The condition would not have prevented the fulfillment of a safety function and did not result in a safety system functional failure as defined by 10CFR 50.73(a)(2)(v).
6. CAUSE OF THE CONDITION:
The direct cause of this condition was that the testing methods of the STP did not ensure that the intended function of isolation from the Control Room was met, in that each circuit was not individually verified to meet the requirements of TS SR 3.3.11.2.
The preliminary root cause for this condition is that persons experienced and knowledgeable of the requirements of 10CFR 50, Appendix R were not adequately involved in the development and revision of STP 40ST-9ZZ20, resulting in less than adequate technical reviews and incomplete implementation of the TS SR.
Contributing to this condition was that the original bases for the TS LCO and TS SR, as well as NRC Generic Letter 81-12, "Fire Protection Rule," were ineffectively translated into the original STP.
Further contributing to this condition was a failure to identify and effectively evaluate Operating Experience 0E-22204, which should have prompted a review of the existing STP to ensure that the requirements for isolation were adequately verified. Review of this OE incorrectly concluded that the OE was not applicable to PVNGS. On a separate occasion, review of this OE incorrectly concluded that if the condition identified in the OE existed at PVNGS, it would be identified during performance of 40ST-9ZZ20.
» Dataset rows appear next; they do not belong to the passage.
Section Parity.
Variable W : Z.
Hypothesis W_odd : exists M, W = (2 * M + 1)%Z.
Hypothesis W_pos : (0 < W)%Z.

Definition int_num x := exists N : Z, x * IZR W = IZR N.
Definition even_num x := exists N : Z, x * IZR W = 2 * IZR N.
Definition odd_num x := exists N : Z, x * IZR W = 2 * IZR N + 1.

Lemma even_num_add x y : even_num x -> even_num y -> even_num (x + y).
Proof. intros [a Ha] [b Hb]. exists (a+b)%Z. rewrite plus_IZR. nra. Qed.
Lemma even_num_opp x : even_num x -> even_num (- x).
Proof. intros [a Ha]. exists (-a)%Z. rewrite opp_IZR. nra. Qed.
Lemma odd_num_add_even x y : odd_num x -> even_num y -> odd_num (x + y).
Proof. intros [a Ha] [b Hb]. exists (a+b)%Z. rewrite plus_IZR. nra. Qed.
Lemma odd_num_even_add x y : even_num x -> odd_num y -> odd_num (x + y).
Proof. intros [a Ha] [b Hb]. exists (a+b)%Z. rewrite plus_IZR. nra. Qed.
Lemma even_num_add_odd x y : odd_num x -> odd_num y -> even_num (x + y).
Proof. intros [a Ha] [b Hb]. exists (a+b+1)%Z. rewrite !plus_IZR. simpl. nra. Qed.
Lemma odd_num_opp x : odd_num x -> odd_num (- x).
Proof. intros [a Ha]. exists (-a-1)%Z. rewrite minus_IZR, opp_IZR. simpl. nra. Qed.
Lemma even_num_mulZ x k : even_num x -> even_num (x * IZR k).
Proof. intros [a Ha]. exists (a*k)%Z. rewrite mult_IZR. nra. Qed.
Lemma even_num_Zmul x k : even_num x -> even_num (IZR k * x).
Proof. intros [a Ha]. exists (a*k)%Z. rewrite mult_IZR. nra. Qed.
Lemma even_num_double x : int_num x -> even_num (2 * x).
Proof. intros [a Ha]. exists a. nra. Qed.
Lemma even_num_twoZ k : even_num (2 * IZR k).
Proof. exists (k * W)%Z. rewrite mult_IZR. ring. Qed.
Lemma odd_num_1 : odd_num 1.
Proof. destruct W_odd as [M HM]. exists M. rewrite HM, plus_IZR, mult_IZR. simpl. ring. Qed.

Lemma int_num_even x : even_num x -> int_num x.
Proof. intros [a Ha]. exists (2*a)%Z. rewrite mult_IZR. simpl. lra. Qed.
Lemma int_num_odd x : odd_num x -> int_num x.
Proof. intros [a Ha]. exists (2*a+1)%Z. rewrite plus_IZR, mult_IZR. simpl. lra. Qed.

Lemma even_num_red2 x : even_num x -> even_num (red2 x).
Proof.
  intros H. destruct (red2_mod2 x) as [k ->]. apply even_num_add; [exact H|apply even_num_twoZ].
Qed.
Lemma odd_num_red2 x : odd_num x -> odd_num (red2 x).
Proof.
  intros H. destruct (red2_mod2 x) as [k ->]. apply odd_num_add_even; [exact H|apply even_num_twoZ].
Qed.

Lemma inv_W_pos : 0 < / IZR W.
Proof. apply Rinv_0_lt_compat, IZR_lt, W_pos. Qed.

Lemma int_num_gap x : int_num x -> x = 0 \/ x >= / IZR W \/ x <= - / IZR W.
Proof.
  intros [N HN]. pose proof inv_W_pos.
  assert (Hw : 0 < IZR W) by (apply IZR_lt; exact W_pos).
  assert (Ex : x = IZR N * / IZR W) by (rewrite <- HN; field; lra).
  destruct (Z.lt_trichotomy N 0) as [Hn|[->|Hn]].
  - right; right. assert (IZR N <= -1) by (apply IZR_le; lia). rewrite Ex. nra.
  - left. rewrite Ex. ring.
  - right; left. assert (IZR N >= 1) by (apply Rle_ge, IZR_le; lia). rewrite Ex. nra.
Qed.

Lemma odd_num_gap x : odd_num x -> x >= / IZR W \/ x <= - / IZR W.
Proof.
  intros H. destruct (int_num_gap x (int_num_odd x H)) as [->|E]; [|exact E].
  destruct H as [N HN]. exfalso.
  assert (2 * N + 1 = 0)%Z by (apply eq_IZR; rewrite plus_IZR, mult_IZR; simpl; lra). lia.
Qed.

Lemma odd_num_neq0 x : odd_num x -> x <> 0.
Proof. intros H. pose proof inv_W_pos. destruct (odd_num_gap x H); lra. Qed.

Lemma odd_num_neq x y : odd_num (x - y) -> x <> y.
Proof. intros H E. apply (odd_num_neq0 _ H). rewrite E. ring. Qed.

End Parity.

(* Subtractions need no rules of their own: [x - y] unfolds to [x + - y]. *)
Ltac parity W := solve [ assumption | apply (odd_num_1 W); assumption | apply (even_num_twoZ W)
  | apply (even_num_double W); parity W
  | apply (even_num_red2 W); parity W | apply (odd_num_red2 W); parity W
  | apply (even_num_mulZ W); parity W | apply (even_num_Zmul W); parity W
  | apply (even_num_opp W); parity W | apply (odd_num_opp W); parity W
  | apply (even_num_add W); [parity W | parity W]
  | apply (odd_num_even_add W); [parity W | parity W]
  | apply (odd_num_add_even W); [parity W | parity W]
  | apply (even_num_add_odd W); [parity W | parity W] ].

Definition zero_or_far (eps x : R) : Prop := x = 0 \/ x >= eps \/ x <= - eps.
Definition far_from_zero (eps x : R) : Prop := x >= eps \/ x <= - eps.

Ltac far_cases H := destruct H as [H|[H|H]]; try (exfalso; lra).
Ltac far_cases1 H := destruct H as [H|H]; try (exfalso; lra).

Lemma regime_applies_perturb P r T d eps : 0 < eps -> -eps/2 < d < eps/2 ->
  zero_or_far eps (T - (-1 + P)) -> zero_or_far eps (T - (1 - P)) ->
  zero_or_far eps (T + 1) -> zero_or_far eps (T - 1) ->
  regime_applies P r (T + d) -> regime_applies P r T.
Proof.
  intros He Hd g1 g2 g3 g4 H. unfold zero_or_far in *.
  destruct r; simpl in *; far_cases g1; far_cases g2; far_cases g3; far_cases g4; lra.
Qed.

Lemma open_band_perturb P r T d U e eps A : 0 < eps -> -eps/2 < d < eps/2 -> -eps/2 < e < eps/2 ->
  far_from_zero eps (U + 1) -> far_from_zero eps (U - 1) ->
  far_from_zero eps (U - T) -> far_from_zero eps (U - (1 - P)) -> far_from_zero eps (U - (-1 + P)) ->
  far_from_zero eps (U - (2 - P + T)) -> far_from_zero eps (U - (-2 + P + T)) ->
  band (cuts P r (T + d)) A (U + e) -> open_band (cuts P r T) A U.
Proof.
  intros He Hd Hee g0 g0' g1 g2 g3 g4 g5 H. unfold far_from_zero in *.
  destruct r; destruct A as [|[|[|[|[|A]]]]]; simpl in *; try contradiction;
    far_cases1 g0; far_cases1 g0'; far_cases1 g1; far_cases1 g2; far_cases1 g3;
    far_cases1 g4; far_cases1 g5; lra.
Qed.

Lemma in_piece_shift P L T U1 U2 i j k :
  in_piece P L (T + 2 * IZR i, U1 + P * IZR i + 2 * IZR j, U2 + P * IZR i + 2 * IZR k) <->
  in_piece P L (T, U1, U2).
Proof.
  unfold in_piece. split; intros [i0 [j0 [k0 H]]]; cbv zeta in *.
  - exists (i0 - i)%Z, (j0 - j)%Z, (k0 - k)%Z. rewrite !minus_IZR.
    replace (T - 2 * (IZR i0 - IZR i)) with (T + 2 * IZR i - 2 * IZR i0) by ring.
    replace (U1 - P * (IZR i0 - IZR i) - 2 * (IZR j0 - IZR j))
      with (U1 + P * IZR i + 2 * IZR j - P * IZR i0 - 2 * IZR j0) by ring.
    replace (U2 - P * (IZR i0 - IZR i) - 2 * (IZR k0 - IZR k))
      with (U2 + P * IZR i + 2 * IZR k - P * IZR i0 - 2 * IZR k0) by ring.
    exact H.
  - exists (i0 + i)%Z, (j0 + j)%Z, (k0 + k)%Z. rewrite !plus_IZR.
    replace (T + 2 * IZR i - 2 * (IZR i0 + IZR i)) with (T - 2 * IZR i0) by ring.
    replace (U1 + P * IZR i + 2 * IZR j - P * (IZR i0 + IZR i) - 2 * (IZR j0 + IZR j))
      with (U1 - P * IZR i0 - 2 * IZR j0) by ring.
    replace (U2 + P * IZR i + 2 * IZR k - P * (IZR i0 + IZR i) - 2 * (IZR k0 + IZR k))
      with (U2 - P * IZR i0 - 2 * IZR k0) by ring.
    exact H.
Qed.

Lemma regime_exists P T : 0 < P < 1 -> -1 <= T <= 1 -> exists r, regime_applies P r T.
Proof.
  intros HP HT. destruct (Rle_lt_dec T (-1 + P)); [exists Reg1; simpl; lra|].
  destruct (Rle_lt_dec T (1 - P)); [exists Reg2 | exists Reg3]; simpl; lra.
Qed.

Lemma band_exists P r T U : -1 <= U <= 1 -> exists A, band (cuts P r T) A U.
Proof.
  intros HU. destruct (cuts P r T) as [[c1 c2] c3].
  destruct (Rle_lt_dec U c1); [exists 1%nat; simpl; lra|].
  destruct (Rle_lt_dec U c2); [exists 2%nat; simpl; lra|].
  destruct (Rle_lt_dec U c3); [exists 3%nat | exists 4%nat]; simpl; lra.
Qed.

Ltac gap_odd W := apply (odd_num_gap W); try assumption; parity W.
Ltac gap_even W := apply (int_num_gap W); try assumption; apply (int_num_even W); parity W.

Section NearCenter.
Variable W : Z.
Hypothesis W_odd : exists M, W = (2 * M + 1)%Z.
Hypothesis W_pos : (0 < W)%Z.
Variables (P a u1 u2 : R).
Hypotheses (HP : 0 < P < 1) (Ha : 0 <= a < 1) (Hu1 : -1 < u1 < 1) (Hu2 : -1 < u2 < 1).
Hypotheses (EP : even_num W P) (Ia : int_num W a) (Eu1 : even_num W u1) (Eu2 : even_num W u2).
If upon conclusion of the root cause analysis, substantial information is identified that would significantly change a reader's perception of the cause or consequences of the condition, or if there are substantial changes in the planned corrective actions, APS will include that information in a supplement to this LER.
7. CORRECTIVE ACTIONS:
STP 40ST-9ZZ25, "Online Remote Shutdown Disconnect Switch Operability," was implemented to perform the surveillance for the components with higher risk as defined by the risk analysis.
The three identified non-conforming conditions (jumpers and missing conductor) were corrected.
STP 40ST-9ZZ20 will be revised to ensure that each circuit is verified to meet the requirements of the TS SR. This revised STP will be implemented during upcoming refueling outages on each unit in accordance with TS SR 3.0.3.
8. PREVIOUS SIMILAR CONDITIONS:
TS SR was met for certain AFW valve actuation relays and, as a result, did not account for full valve stroke time.
( Additionally, LER 50-528/2007-004-00 reported a condition where existing STPs did not ensure the Containment Spray system headers were full of water.
The corrective actions for these previous LERs could not have prevented the condition identified here, in that the previous events did not involve the same underlying concern or reason as this event, such as the same root cause, failure, or sequence of events.